4. The matrix film forming device as described in claim 1, further comprising k) an electric field intensity difference forming device which changes the intensity of said electric field over the central axis of said spray stream in accordance with the distance from the tip end of said nozzle.

5. A matrix film forming device as described in claim 1, further comprising l) a liquid drop size adjustment device which adjusts the size of drops of liquid containing said matrix substance which adhere to said sample plate by changing the potential difference between said first electrode plate and said second electrode plate.

6. A matrix film forming device as described in claim 2, further comprising l) a liquid drop size adjustment device which adjusts the size of drops of liquid containing said matrix substance which adhere to said sample plate by changing the potential difference between said first electrode plate and said second electrode plate.

7. A matrix film forming device as described in claim 3, further comprising l) a liquid drop size adjustment device which adjusts the size of drops of liquid containing said matrix substance which adhere to said sample plate by changing the potential difference between said first electrode plate and said second electrode plate.

8. A matrix film forming device as described in claim 4, further comprising 1) a liquid drop size adjustment device which adjusts the size of drops of liquid containing said matrix substance which adhere to said sample plate by changing the potential difference between said first electrode plate and said second electrode plate.

9. The matrix film forming device as described in claim 2, further comprising k) an electric field intensity difference forming device which changes the intensity of said electric field over the central axis of said spray stream in accordance with the distance from the tip end of said nozzle.

10. The matrix film forming device as described in claim 3, further comprising k) an electric field intensity difference forming device which changes the intensity of said electric field over the central axis of said spray stream in accordance with the distance from the tip end of said nozzle.
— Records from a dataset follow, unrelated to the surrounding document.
Lemma orthonormal_eq0 n (W : 'I_n -> 'cV[Cplx]_n) (x : 'cV[Cplx]_n) :
  (forall j k, braket (W j) (W k) = (j == k)%:R) ->
  (forall j, braket (W j) x = 0) -> x = 0.
Proof.
move=> W_orthonormal Wx_eq0; pose M := \matrix_(i, j) W j i 0.
have MM : adj M *m M = 1%:M.
  apply/matrixP => j k; rewrite [RHS]mxE -W_orthonormal braketE mxE.
  by apply: eq_bigr => i _; rewrite adjE !mxE.
have Mx : adj M *m x = 0.
  apply/matrixP => j i; rewrite (ord1 i) [RHS]mxE -(Wx_eq0 j) braketE mxE.
  by apply: eq_bigr => l _; rewrite adjE !mxE.
by rewrite -(mul1mx x) -(mulmx1C MM) -mulmxA Mx mulmx0.
Qed.

(** * The SLD information bound *)

Section SLDInformationBound.
Variables (D : nat) (p : 'I_D -> R) (W v : 'I_D -> 'cV[Cplx]_D).
Variables (lam drho : 'M[Cplx]_D).

Local Notation sq k := (cR (Num.sqrt (p k))).
Local Notation u k := (sq k *: W k).
Local Notation rho := (\sum_k cR (p k) *: ketbra (W k) (W k)).

Hypothesis p_ge0 : forall k, 0 <= p k.
Hypothesis lam_SLD : is_SLD rho drho lam.
Hypothesis drho_sum : drho = \sum_k (v k *m adj (u k) + u k *m adj (v k)).

Lemma rho_sum_ketbra : rho = \sum_k u k *m adj (u k).
Proof.
apply: eq_bigr => k _.
by rewrite adjZ conj_cR -scalemxAl -scalemxAr scalerA cR_sqrt.
Qed.

Lemma SLD_info_defect :
  4 * \sum_k braket (v k) (v k) - SLD_info rho lam =
  \sum_k braket (lam *m u k - 2%:R *: v k) (lam *m u k - 2%:R *: v k).
Proof.
case: lam_SLD => lam_herm drho_SLD.
have info_sum : SLD_info rho lam = \sum_k braket (lam *m u k) (lam *m u k).
  rewrite /SLD_info rho_sum_ketbra !mulmx_suml mxtrace_sum; apply: eq_bigr => k _.
  by rewrite mxtrace_mulC !mulmxA -mxtrace_ketbra adjM lam_herm !mulmxA.
have trace_sum : \tr (lam *m drho) =
    \sum_k (braket (lam *m u k) (v k) + braket (v k) (lam *m u k)).
  rewrite drho_sum mulmx_sumr mxtrace_sum; apply: eq_bigr => k _.
  by rewrite mulmxDr mxtraceD !mulmxA !mxtrace_ketbra braket_mulmxr lam_herm.
have trace_info : \tr (lam *m drho) = SLD_info rho lam.
  rewrite drho_SLD -scalemxAr mxtraceZ mulmxDr mxtraceD /SLD_info.
  have -> : \tr (lam *m (lam *m rho)) = \tr (rho *m lam *m lam).
    by rewrite mulmxA mxtrace_mulC mulmxA.
  by rewrite mxtrace_mulC; field.
have expand k :
    braket (lam *m u k - 2%:R *: v k) (lam *m u k - 2%:R *: v k) =
    braket (lam *m u k) (lam *m u k)
    - 2%:R * (braket (lam *m u k) (v k) + braket (v k) (lam *m u k))
    + 4 * braket (v k) (v k).
  by rewrite !braketBl !braketBr !braketZl !braketZr rmorph_nat; ring.
rewrite [RHS](eq_bigr _ (fun k _ => expand k)) big_split sumrB /= -!mulr_sumr.
by rewrite -info_sum -trace_sum trace_info; ring.
Qed.

Lemma SLD_info_bound :
  SLD_info rho lam <= 4 * \sum_k braket (v k) (v k) /\
  (SLD_info rho lam = 4 * \sum_k braket (v k) (v k) <->
   forall k, lam *m u k = 2%:R *: v k).
Proof.
split; first by rewrite -subr_ge0 SLD_info_defect sumr_ge0 // => k _; exact: braket_self_ge0.
split=> [info_eq k | lam_u].
  apply/eqP; rewrite -subr_eq0; apply/eqP; move: k; apply/sum_braket_self_eq0.
  by rewrite -SLD_info_defect info_eq subrr.
apply/eqP; rewrite eq_sym -subr_eq0 SLD_info_defect; apply/eqP/sum_braket_self_eq0 => k.
by rewrite lam_u subrr.
Qed.
Lemma Un_span_act v A k : Un_span v -> in_g_rm1 A -> Un_span (act A k v).
Proof.
move=> Uv; elim: Uv A k => {v}
  [v [ss [Fs [Rs ->]]]| |u v _ IHu _ IHv|a v _ IH|X j v nX _ IH] A k gA.
- rewrite xprodE; apply: Un_span_act_xword => //; apply: R_up Rs.
  by right; split=> t /=; rewrite fiber_xword_of.
- by rewrite (act0 act_current) //; apply: gen_zero.
- by rewrite (actD act_current) //; apply: gen_add; [apply: IHu | apply: IHv].
- by rewrite (actZ act_current) //; apply: gen_scale; apply: IH.
- have gX := in_nminus_rm1_g nX.
  rewrite (act_commutator act_current) //; try exact: in_g_rm1_sl.
  apply: gen_add; first by apply: gen_act => //; apply: IH.
  by apply: IH; apply: in_g_rm1_commutator.
Qed.

Lemma W_span_eq_Un_span v :
  gen_span act (@in_g_rm1 r) monomials v <-> Un_span v.
Proof.
split; last exact/gen_span_mono/in_nminus_rm1_g.
elim=> {v} [v Sv| |u v _ IHu _ IHv|a v _ IH|A k v gA _ IH].
- exact: gen_base.
- exact: gen_zero.
- exact: gen_add.
- exact: gen_scale.
- exact: Un_span_act.
Qed.

End Stability.

Theorem proposition3p2 (r : nat) (hr : (2 <= r)%N) (m : 'I_r -> nat)
    (V : lmodType C) (act : 'M[C]_(r.+1) -> nat -> V -> V) (w : V)
    (HW : is_weyl_module m act w) (ii : idx r) :
  (forall v, W_ge act w ii v <-> Un_ge_w act w ii v) /\
  (forall v, W_gt act w ii v <-> Un_gt_w act w ii v).
Proof.
case: HW => act_current rels _ _; split=> v.
- apply: (W_span_eq_Un_span act_current rels (R := fun x => idx_ge x ii)).
  by move=> x y; apply: idx_ge_trans.
- apply: (W_span_eq_Un_span act_current rels (R := fun x => idx_gt x ii)).
  by move=> x y; apply: idx_ge_gt_trans.
Qed.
11. A method of forming a matrix film containing a matrix substance on the surface of a sample plate, comprising: a) mounting a sample plate on a mounting surface of a first electrode plate;b) arranging a second electrode plate to face said mounting surface;c) spraying by a nozzle a liquid containing a matrix substance by an electrospray process into the space between said first electrode plate and said second electrode plate, such that said first electrode plate and said second electrode plate are not present over the central axis of the spray stream; andd) forming an electric field between said first electrode plate and said second electrode plate so as to cause drops of liquid containing said matrix substance, which have been electrically charged and are contained in said spray stream, to move toward said mounting surface.

12. The method of forming the matrix film as described in claim 11, further comprising k) changing the intensity of said electric field over the central axis of said spray stream in accordance with the distance from the tip end of said nozzle.

13. The method of forming the matrix film as described in claim 11, further comprising l) adjusting the size of drops of liquid containing said matrix substance which adhere to said sample plate by changing the potential difference between said first electrode plate and said second electrode plate.

14. The method of forming the matrix film as described in claim 12, further comprising l) adjusting the size of drops of liquid containing said matrix substance which adhere to said sample plate by changing the potential difference between said first electrode plate and said second electrode plate.